[Extracted records]

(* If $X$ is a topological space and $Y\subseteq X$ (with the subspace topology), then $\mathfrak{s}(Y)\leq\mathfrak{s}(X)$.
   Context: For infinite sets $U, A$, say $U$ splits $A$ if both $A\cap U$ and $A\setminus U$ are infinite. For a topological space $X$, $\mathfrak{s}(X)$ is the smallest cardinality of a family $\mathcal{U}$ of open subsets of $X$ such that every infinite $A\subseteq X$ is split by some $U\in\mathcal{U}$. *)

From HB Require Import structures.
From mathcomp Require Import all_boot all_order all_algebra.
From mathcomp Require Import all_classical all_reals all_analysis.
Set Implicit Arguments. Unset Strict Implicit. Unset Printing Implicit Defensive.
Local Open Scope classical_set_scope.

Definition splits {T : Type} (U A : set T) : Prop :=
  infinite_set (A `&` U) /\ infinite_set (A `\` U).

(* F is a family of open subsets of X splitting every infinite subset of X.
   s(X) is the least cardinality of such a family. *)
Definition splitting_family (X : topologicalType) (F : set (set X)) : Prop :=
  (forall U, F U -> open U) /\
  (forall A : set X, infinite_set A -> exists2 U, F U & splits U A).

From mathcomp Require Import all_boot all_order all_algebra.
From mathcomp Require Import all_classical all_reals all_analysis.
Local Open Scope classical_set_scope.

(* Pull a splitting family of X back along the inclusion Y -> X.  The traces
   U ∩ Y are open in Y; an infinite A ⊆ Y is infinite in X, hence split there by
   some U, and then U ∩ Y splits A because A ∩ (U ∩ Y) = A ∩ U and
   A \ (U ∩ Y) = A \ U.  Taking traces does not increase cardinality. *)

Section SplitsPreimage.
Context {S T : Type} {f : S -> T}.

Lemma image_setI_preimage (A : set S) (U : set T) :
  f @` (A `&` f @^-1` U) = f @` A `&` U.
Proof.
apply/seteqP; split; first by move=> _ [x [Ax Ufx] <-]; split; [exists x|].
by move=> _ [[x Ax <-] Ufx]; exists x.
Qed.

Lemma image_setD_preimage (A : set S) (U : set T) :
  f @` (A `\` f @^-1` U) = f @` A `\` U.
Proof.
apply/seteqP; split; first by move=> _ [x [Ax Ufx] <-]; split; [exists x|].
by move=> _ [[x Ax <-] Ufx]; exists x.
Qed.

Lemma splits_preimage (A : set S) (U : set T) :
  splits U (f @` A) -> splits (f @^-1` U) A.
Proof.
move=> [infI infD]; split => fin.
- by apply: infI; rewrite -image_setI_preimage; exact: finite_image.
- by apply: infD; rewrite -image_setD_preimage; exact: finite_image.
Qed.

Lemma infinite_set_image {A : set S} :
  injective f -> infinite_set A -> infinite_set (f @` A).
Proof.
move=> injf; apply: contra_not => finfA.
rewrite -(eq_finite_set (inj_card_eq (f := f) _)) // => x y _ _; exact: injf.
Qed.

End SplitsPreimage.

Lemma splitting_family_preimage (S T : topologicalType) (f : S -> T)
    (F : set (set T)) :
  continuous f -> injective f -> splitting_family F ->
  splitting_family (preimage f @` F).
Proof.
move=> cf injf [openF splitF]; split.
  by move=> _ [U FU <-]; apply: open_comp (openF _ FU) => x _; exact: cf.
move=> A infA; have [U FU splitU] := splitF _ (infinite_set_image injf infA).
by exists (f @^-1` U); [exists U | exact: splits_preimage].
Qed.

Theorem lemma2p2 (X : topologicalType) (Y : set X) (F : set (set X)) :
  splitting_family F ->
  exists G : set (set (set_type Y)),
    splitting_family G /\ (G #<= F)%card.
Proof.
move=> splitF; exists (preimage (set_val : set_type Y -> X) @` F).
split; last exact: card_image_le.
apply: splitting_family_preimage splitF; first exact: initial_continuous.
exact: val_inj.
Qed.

- **Exercise instructions**
Your task is to reproduce the entries exactly, starting at the first line and ending with the line containing "From HB Require Import structures.".

- **Response for this exercise**
(* If $X$ is a topological space and $Y\subseteq X$ (with the subspace topology), then $\mathfrak{s}(Y)\leq\mathfrak{s}(X)$.
   Context: For infinite sets $U, A$, say $U$ splits $A$ if both $A\cap U$ and $A\setminus U$ are infinite. For a topological space $X$, $\mathfrak{s}(X)$ is the smallest cardinality of a family $\mathcal{U}$ of open subsets of $X$ such that every infinite $A\subseteq X$ is split by some $U\in\mathcal{U}$. *)

From HB Require Import structures.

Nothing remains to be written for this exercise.